LINGKARSOLO, SURAKARTA – Perizinan usaha minuman beralkohol di Kota Solo kembali menjadi perhatian DPRD Kota Surakarta dan Pemerintah Kota Solo. Pengawasan terhadap outlet penjualan minuman beralkohol kini diperketat, terutama bagi usaha yang belum mengantongi izin resmi.
Komisi II DPRD Kota Surakarta menggelar rapat lanjutan bersama organisasi perangkat daerah (OPD) dan pelaku usaha untuk membahas persoalan izin usaha, pengawasan pajak, hingga potensi kebocoran Pendapatan Asli Daerah (PAD).

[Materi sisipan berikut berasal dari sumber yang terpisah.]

Lemma sin_vangle_add u v w z :
  0 < vnorm u -> 0 < vnorm v -> 0 < vnorm w -> 0 < vnorm z ->
  0 <= vdet u v -> 0 <= vdet w z ->
  sin (vangle u v + vangle w z) * (vnorm u * vnorm v * (vnorm w * vnorm z)) =
  vdet u v * vdot w z + vdot u v * vdet w z.
Proof.
  intros. rewrite sin_plus, !cos_vangle, !sin_vangle by assumption.
  field. repeat split; lra.
Qed.

Lemma vdot_of_vangle_PI u v : 0 < vnorm u -> 0 < vnorm v -> vangle u v = PI ->
  vdot u v = - (vnorm u * vnorm v).
Proof.
  intros Hu Hv E. pose proof (cos_vangle u v Hu Hv) as C. rewrite E, cos_PI in C.
  apply (Rmult_eq_compat_r (vnorm u * vnorm v)) in C.
  unfold Rdiv in C. rewrite Rmult_assoc, Rinv_l in C by nra. lra.
Qed.

Lemma antiparallel_of_vdot u v : vdot u v = - (vnorm u * vnorm v) ->
  vnorm v * fst u = - (vnorm u * fst v) /\ vnorm v * snd u = - (vnorm u * snd v).
Proof.
  intros E. pose proof (vnorm_mul_self u). pose proof (vnorm_mul_self v).
  unfold vdot in E.
  set (x := vnorm v * fst u + vnorm u * fst v).
  set (y := vnorm v * snd u + vnorm u * snd v).
  assert (x * x + y * y = 0).
  { replace (x * x + y * y) with
      ((vnorm v * vnorm v) * (fst u ^ 2 + snd u ^ 2) + (vnorm u * vnorm u) * (fst v ^ 2 + snd v ^ 2)
       + 2 * (vnorm u * vnorm v) * (fst u * fst v + snd u * snd v)) by (unfold x, y; ring).
    rewrite E, <- H, <- H0. ring. }
  assert (x = 0) by nra. assert (y = 0) by nra. unfold x, y in *. lra.
Qed.

Lemma acos_antitone x y : -1 <= x -> x <= y -> y <= 1 -> acos y <= acos x.
Proof.
  intros. destruct (Rle_dec (acos y) (acos x)) as [|N]; auto. exfalso.
  pose proof (acos_bound x). pose proof (acos_bound y).
  pose proof (cos_decreasing_1 (acos x) (acos y)) as D.
  rewrite !cos_acos in D by lra. lra.
Qed.

Lemma cos_antitone x y : 0 <= x -> x <= y -> y <= PI -> cos y <= cos x.
Proof.
  intros. destruct (Req_dec x y) as [->|]; [lra|].
  left. apply cos_decreasing_1; lra.
Qed.

Lemma le_of_cos_le x y : 0 <= x <= PI -> 0 <= y <= PI -> cos y <= cos x -> x <= y.
Proof.
  intros. destruct (Rle_dec x y); auto. exfalso.
  pose proof (cos_decreasing_1 y x). lra.
Qed.

Lemma cos_le_of_sin_ge c1 s1 c2 s2 : c1 * c1 + s1 * s1 = 1 -> c2 * c2 + s2 * s2 = 1 ->
  0 <= s1 -> 0 < s2 -> c1 * s2 <= s1 * c2 -> c1 <= c2.
Proof.
  intros E1 E2 H1 H2 H. destruct (Rle_dec c1 c2) as [|N]; auto. exfalso.
  destruct (Rle_dec 0 c2).
  - assert (c2 * (s1 - s2) > 0) by nra. assert (s1 > s2) by nra. nra.
  - assert (c1 <= 0) by nra. assert (s2 < s1) by nra. nra.
Qed.

(* Angles in [0, PI] with nonnegative sines are compared through cot = vdot / vdet. *)
Lemma vangle_le_of_cross u v p q :
  0 < vnorm u -> 0 < vnorm v -> 0 < vnorm p -> 0 < vnorm q ->
  0 <= vdet u v -> 0 < vdet p q -> vdot u v * vdet p q <= vdet u v * vdot p q ->
  vangle p q <= vangle u v.
Proof.
  intros Hu Hv Hp Hq Duv Dpq H.
  pose proof (vdot_div_bound u v Hu Hv). pose proof (vdot_div_bound p q Hp Hq).
  apply acos_antitone; try lra.
  pose proof (vnorm_mul_self u). pose proof (vnorm_mul_self v).
  pose proof (vnorm_mul_self p). pose proof (vnorm_mul_self q).
  pose proof (lagrange_identity u v). pose proof (lagrange_identity p q).
  set (Nu := vnorm u * vnorm v). set (Np := vnorm p * vnorm q).
  assert (0 < Nu) by (unfold Nu; nra). assert (0 < Np) by (unfold Np; nra).
  apply (cos_le_of_sin_ge _ (vdet u v / Nu) _ (vdet p q / Np)).
  - apply (Rmult_eq_reg_r (Nu * Nu)); [|nra]. field_simplify; [|lra]. unfold Nu. nra.
  - apply (Rmult_eq_reg_r (Np * Np)); [|nra]. field_simplify; [|lra]. unfold Np. nra.
  - apply Rmult_le_pos; [lra | left; apply Rinv_0_lt_compat; lra].
  - apply Rmult_lt_0_compat; [lra | apply Rinv_0_lt_compat; lra].
  - apply (Rmult_le_reg_r (Nu * Np)); [nra|]. field_simplify; [|lra|lra]. lra.
Qed.

Lemma half_le_of_cos h al : 0 <= h <= PI -> 0 <= cos h -> 0 <= al <= PI ->
  2 * cos h * cos h - 1 <= cos al -> al / 2 <= h.
Proof.
  intros Hh Hc Ha H.
  assert (h <= PI / 2).
  { destruct (Rle_dec h (PI / 2)); auto. exfalso.
    pose proof (cos_decreasing_1 (PI / 2) h). rewrite cos_PI2 in *. lra. }
  assert (cos (2 * h) = 2 * cos h * cos h - 1) by (rewrite cos_2a_cos; ring).
  assert (al <= 2 * h) by (apply le_of_cos_le; lra).
  lra.
Qed.

Lemma sin_half_sqr al : sin (al / 2) * sin (al / 2) = (1 - cos al) / 2.
Proof.
  replace (cos al) with (cos (2 * (al / 2))) by (f_equal; field).
  rewrite cos_2a_sin. field.
Qed.

Lemma proportional_sum_zero x1 x2 x3 x4 n1 n2 n3 n4 :
  0 < n1 -> 0 < n2 -> 0 < n3 -> 0 < n4 ->
  n1 * x2 = n2 * x1 -> n2 * x3 = n3 * x2 -> n1 * x4 = n4 * x1 ->
  x1 + x2 + x3 + x4 = 0 -> x1 = 0.
Proof.
  intros H1 H2 H3 H4 E1 E2 E3 E4.
  assert (n2 * x1 * (n1 + n2 + n3 + n4) = 0).
  { transitivity (n1 * n2 * (x1 + x2 + x3 + x4) - (n2 + n3) * (n1 * x2 - n2 * x1)
      - n1 * (n2 * x3 - n3 * x2) - n2 * (n1 * x4 - n4 * x1)); [ring|].
    rewrite E1, E2, E3, E4. ring. }
  apply Rmult_integral in H as [H|H]; [|lra].
  apply Rmult_integral in H as [H|H]; lra.
Qed.
(* Let $X$ be a topological space. For every irreducible closed subset $C$ of $X$, let $e_C:\mathcal OX\to[0,\infty]$ map every open $U$ to $1$ if $U\cap C\neq\emptyset$ and to $0$ otherwise. Then $e_C$ is a point-continuous valuation. If $C$ is the closure of $\{x\}$ for some point $x$, then $e_C=\delta_x$.
   Context: A non-empty subset $A$ is irreducible if $A\subseteq B\cup C$ with $B,C$ closed implies $A\subseteq B$ or $A\subseteq C$. A valuation is a map $\mathcal OX\to[0,\infty]$ with value $0$ on $\emptyset$, monotone and modular. It is point-continuous if for every open $U$ and real $r$ with $0\le r<\nu(U)$ there is a finite $A\subseteq U$ with $\nu(V)>r$ for every open $V\supseteq A$. $\delta_x$ is the Dirac valuation: $\delta_x(U)=1$ if $x\in U$, else $0$. *)

From HB Require Import structures.
From mathcomp Require Import all_boot all_order all_algebra.
From mathcomp Require Import all_classical all_reals topology.
Set Implicit Arguments. Unset Strict Implicit. Unset Printing Implicit Defensive.
Import Order.TTheory GRing.Theory Num.Theory.
Local Open Scope classical_set_scope.
Local Open Scope ring_scope.
Local Open Scope ereal_scope.

(* Set functions on X are modelled as maps set X -> \bar R; only their values
   on open sets matter (O X is the lattice of open sets). *)

Definition irreducible (X : topologicalType) (A : set X) : Prop :=
  A !=set0 /\
  forall B C : set X, closed B -> closed C -> A `<=` B `|` C ->
    A `<=` B \/ A `<=` C.

Definition valuation (R : realType) (X : topologicalType)
  (nu : set X -> \bar R) : Prop :=
  [/\ forall U, open U -> 0 <= nu U,
      nu set0 = 0,
      forall U V, open U -> open V -> U `<=` V -> nu U <= nu V &
      forall U V, open U -> open V -> nu U + nu V = nu (U `|` V) + nu (U `&` V)].

Definition point_continuous (R : realType) (X : topologicalType)
  (nu : set X -> \bar R) : Prop :=
  forall (U : set X) (r : R), open U -> (0 <= r)%R -> r%:E < nu U ->
    exists A : set X, [/\ finite_set A, A `<=` U &
      forall V : set X, open V -> A `<=` V -> r%:E < nu V].

Definition dirac_val (R : realType) (X : topologicalType) (x : X)
  (U : set X) : \bar R :=
  if pselect (U x) then 1 else 0.

Definition e_closed (R : realType) (X : topologicalType) (C : set X)
  (U : set X) : \bar R :=
  if pselect (U `&` C !=set0) then 1 else 0.

From HB Require Import structures.
From mathcomp Require Import all_boot all_order all_algebra.
From mathcomp Require Import all_classical all_reals topology.
Import Order.TTheory Num.Theory.
Local Open Scope classical_set_scope.
Local Open Scope ereal_scope.

(* Monotonicity and point-continuity hold
   for any C (a single point of U `&` C is a finite witness).  Modularity
   reduces to the identity b + b' = (b || b') + (b && b') on booleans, once one
   knows that U `&` V meets C as soon as U and V do: otherwise C would be
   covered by the closed sets ~` U and ~` V without lying in either.  An open
   set meets the closure of {x} iff it contains x. *)

Section Meets.
Context {X : topologicalType}.
Implicit Types A C U V : set X.

Lemma irreducible_setI_neq0 C U V : irreducible C -> open U -> open V ->
  U `&` C !=set0 -> V `&` C !=set0 -> U `&` V `&` C !=set0.
Proof.
move=> [_ irrC] oU oV [u [Uu Cu]] [v [Vv Cv]].
apply: contrapT => UVC0.
have CUV : C `<=` ~` U `|` ~` V.
  move=> c Cc; have [Uc|] := pselect (U c); last by left.
  by right=> Vc; apply: UVC0; exists c.
by case: (irrC _ _ (open_closedC oU) (open_closedC oV) CUV) => [/(_ u Cu)|/(_ v Cv)].
Qed.

Lemma setIUl_neq0 C U V : (U `|` V) `&` C !=set0 <-> U `&` C !=set0 \/ V `&` C !=set0.
Proof.
rewrite setIUl; split=> [[x [UCx|VCx]]|[[x UCx]|[x VCx]]].
- by left; exists x.
- by right; exists x.
- by exists x; left.
- by exists x; right.
Qed.

Lemma open_setI_closure_neq0 A U : open U -> U `&` closure A !=set0 -> U `&` A !=set0.
Proof.
move=> oU [y [Uy Ay]].
have [z [Az Uz]] := Ay U (open_nbhs_nbhs (conj oU Uy)).
by exists z.
Qed.

End Meets.

Section EClosed.
Variables (R : realType) (X : topologicalType) (C : set X).

Lemma e_closedE U : e_closed R C U = (`[< U `&` C !=set0 >])%:R%:E.
Proof.
by rewrite /e_closed; case: pselect => UC; [rewrite asboolT|rewrite asboolF].
Qed.

Lemma e_closed_ge0 U : 0 <= e_closed R C U.
Proof. by rewrite e_closedE lee_fin. Qed.

Lemma e_closed0 : e_closed R C set0 = 0.
Proof. by rewrite e_closedE asboolF // set0I => -[]. Qed.

Lemma le_e_closed U V : U `<=` V -> e_closed R C U <= e_closed R C V.
Proof.
move=> UV; rewrite !e_closedE lee_fin ler_nat.
case: (asboolP (U `&` C !=set0)) => [[x [Ux Cx]]|//].
by rewrite asboolT //; exists x; split => //; apply: UV.
Qed.

Lemma e_closed_modular U V : irreducible C -> open U -> open V ->
  e_closed R C U + e_closed R C V =
  e_closed R C (U `|` V) + e_closed R C (U `&` V).
Proof.
move=> irrC oU oV.
have meetI : U `&` V `&` C !=set0 <-> U `&` C !=set0 /\ V `&` C !=set0.
  split=> [[x [[Ux Vx] Cx]]|[]]; last exact: irreducible_setI_neq0.
  by split; exists x.
rewrite !e_closedE (propext (setIUl_neq0 C U V)) (propext meetI) asbool_or asbool_and.
by case: asbool; case: asbool; rewrite /= ?adde0 ?add0e.
Qed.

Lemma e_closed_valuation : irreducible C -> valuation (e_closed R C).
Proof.
move=> irrC; split=> [U _||U V _ _|U V oU oV].
- exact: e_closed_ge0.
- exact: e_closed0.
- exact: le_e_closed.
- exact: e_closed_modular.
Qed.

Lemma e_closed_point_continuous : point_continuous (e_closed R C).
Proof.
move=> U r _ r_ge0; rewrite e_closedE.
case: (asboolP (U `&` C !=set0)) => [[x [Ux Cx]] r_lt1|_]; last first.
  by rewrite lte_fin ltNge r_ge0.
exists [set x]; split=> [|y ->//|V _ Vx]; first exact: finite_set1.
have VC : V `&` C !=set0 by exists x; split => //; apply: Vx.
by rewrite e_closedE asboolT.
Qed.

End EClosed.

Lemma e_closure_set1 (R : realType) (X : topologicalType) (x : X) (U : set X) :
  open U -> e_closed R (closure [set x]) U = dirac_val R x U.
Proof.
move=> oU; rewrite e_closedE /dirac_val; case: pselect => [Ux|Ux].
  by rewrite asboolT //; exists x; split => //; apply: subset_closure.
rewrite asboolF // => /(open_setI_closure_neq0 _ _ oU) [y [Uy /= yx]]; apply: Ux.
by rewrite -yx.
Qed.

Theorem lemma4p1 (R : realType) (X : topologicalType) (C : set X) :
  closed C -> irreducible C ->
  (valuation (e_closed R C) /\ point_continuous (e_closed R C)) /\
  (forall x : X, C = closure [set x] ->
     forall U : set X, open U -> e_closed R C U = dirac_val R x U).
Proof.
move=> _ irrC; split; first split.
- exact: e_closed_valuation.
- exact: e_closed_point_continuous.
- by move=> x -> U oU; apply: e_closure_set1.
Qed.
(* Let $K$ be a finite simplicial complex, $f$ an injective filtration function on $K$, and $n$ a positive integer. Assume $[a,b)$ (with $b$ finite) is a bar of the persistence module $\{H_n(K^f_r)\}_{r\in\mathbb{R}}$ represented by a class $[\alpha]\in H_n(K^f_a)$ born at $a$ and terminated at $b$, where $\alpha$ is an $n$-cycle. Choose $\varepsilon<(b-a)/4$ and assume that every other bar $[a_i,b_i)$ of $\{H_n(K^f_r)\}_{r\in\mathbb{R}}$ satisfies $a_i>a+2\varepsilon$ or $b_i<b-2\varepsilon$. Let $g$ be an injective filtration function with $\|f-g\|_\infty\le\varepsilon$, and assume that a matching of barcodes as in the stability theorem (see context) matches the bar $[a,b)$ to a bar $[a',b')$ of $\{H_n(K^g_r)\}_{r\in\mathbb{R}}$. Then: (1) the class of $\alpha$ in $\{H_n(K^g_r)\}_{r\in\mathbb{R}}$ terminates at $b'$; (2) if $\varepsilon\le\frac12\min\{R_u,R_l\}$, where $R_u=\min\{|f(\tau)-b|: \tau\text{ a birth }(n+1)\text{-simplex with } f(\tau)>b\}$ (or $\infty$ if none) and $R_l=\min\{|f(\tau)-b|: \tau\text{ a terminal }(n+1)\text{-simplex with } f(\tau)<b\}$ (or $\infty$ if none), then the simplex of $K$ terminating the bar $[a,b)$ in $K^f$ (the simplex with $f$-value $b$) is the same as the simplex terminating the bar $[a',b')$ in $K^g$ (the simplex with $g$-value $b'$).
   Context: A filtration function on a finite simplicial complex $K$ is a map $f\colon K\to\mathbb{R}$ with $f(\sigma)\le f(\tau)$ whenever $\sigma$ is a face of $\tau$. Sublevel complexes are $K^f_r=f^{-1}((-\infty,r])$; homology is with coefficients in a fixed field $\mathbb{F}$, and $\{H_n(K^f_r)\}_r$ with inclusion-induced maps is a persistence module, decomposing as a finite direct sum of interval modules $\mathbb{F}_{[a_i,b_i)}$; the multiset of intervals is the barcode, its elements are bars. For a nontrivial class $[\alpha]\in H_n(K^f_r)$, its birth is the infimum of $q\le r$ such that $[\alpha]$ is in the image of $H_n(K^f_q)\to H_n(K^f_r)$ and its termination scale is the infimum of $q\ge r$ such that $[\alpha]$ maps to $0$ in $H_n(K^f_q)$. Since $f$ is injective, each simplex is either a birth simplex (adding it creates a new nontrivial homology class) or a terminal simplex (adding it makes a nontrivial homology class trivial). $\|f-g\|_\infty=\max_{\sigma\in K}|f(\sigma)-g(\sigma)|$. If $\|f-g\|_\infty\le\varepsilon$, with barcodes $\{[a_i,b_i)\}_{i\in I}$ of $f$ and $\{[a'_j,b'_j)\}_{j\in J}$ of $g$ in degree $n$, a matching as in the stability theorem is a bijection $\varphi\colon I'\to J'$ between subsets $I'\subseteq I$, $J'\subseteq J$ with $|a_i-a'_{\varphi(i)}|\le\varepsilon$ and $|b_i-b'_{\varphi(i)}|\le\varepsilon$ for $i\in I'$, $|a_i-b_i|\le2\varepsilon$ for $i\in I\setminus I'$ and $|a'_j-b'_j|\le2\varepsilon$ for $j\in J\setminus J'$ (such a matching exists by the stability theorem). *)

From HB Require Import structures.
From mathcomp Require Import all_boot all_order all_algebra.
From mathcomp Require Import reals.
Set Implicit Arguments. Unset Strict Implicit. Unset Printing Implicit Defensive.
Import Order.TTheory GRing.Theory Num.Theory.
Local Open Scope ring_scope.

Section Simplicial.
Variables (V : finType) (F : fieldType) (R : realType).

Definition simplicial_complex (K : {set {set V}}) : Prop :=
  set0 \notin K /\
  forall s t : {set V}, s \in K -> t \subset s -> t != set0 -> t \in K.

Definition filtration (K : {set {set V}}) (f : {set V} -> R) : Prop :=
  forall s t : {set V}, s \in K -> t \in K -> t \subset s -> f t <= f s.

Dari hasil pembahasan, DPRD menemukan masih ada sejumlah outlet minuman beralkohol yang beroperasi tanpa izin. Sementara itu, beberapa pelaku usaha mengaku proses perizinan yang mereka ajukan belum mendapatkan kepastian.
Selain persoalan izin, DPRD juga menyoroti laporan omzet usaha yang dinilai tidak sesuai dengan kondisi operasional di lapangan. Komisi II mendorong pengawasan yang lebih terukur melalui pemasangan tapping box agar transaksi usaha dapat dipantau secara real time.
Pemerintah Kota Surakarta menegaskan jumlah outlet minuman beralkohol di Solo dibatasi maksimal 17 titik. Saat ini, sebanyak 10 outlet telah mengantongi izin, sedangkan sisanya masih dalam proses evaluasi dan verifikasi administrasi.
Wali Kota Solo, Respati Ardi, meminta dinas terkait segera melakukan penindakan terhadap outlet minuman beralkohol tanpa izin.
“Nanti silakan Kasatpol untuk melakukan penindakan sesuai ketentuan yang berlaku saja terkait penutupan outlet minuman alkohol tanpa izin. Kami mengikuti sesuai ketentuan yang berlaku,” kata Respati, Kamis (7/5/2026).
Menurut Respati, Pemkot Solo menerapkan pembatasan terhadap izin usaha dan peredaran minuman beralkohol untuk menjaga ketenteraman dan ketertiban masyarakat.
“Kami intinya melakukan pembatasan peredaran minuman beralkohol untuk menjaga trantibmas atau ketertiban. Jadi silakan bagi masyarakat dan nanti di dinas terkait untuk melakukan pengecekan izin dan lain-lain. Kami ada pembatasan yang sudah ditentukan dan kami akan awasi pembatasan itu,” jelasnya.
Sebelumnya, DPRD Kota Surakarta menerima audiensi dari Dewan Syariah Kota Surakarta (DSKS) terkait peredaran minuman keras di Kota Solo. Dalam audiensi tersebut, DSKS mendorong penguatan pengawasan dan percepatan pembentukan Peraturan Daerah (Perda) tentang miras.
Pemkot Solo memastikan evaluasi dan pengawasan akan terus dilakukan secara ketat bersama dinas terkait dan pelaku usaha.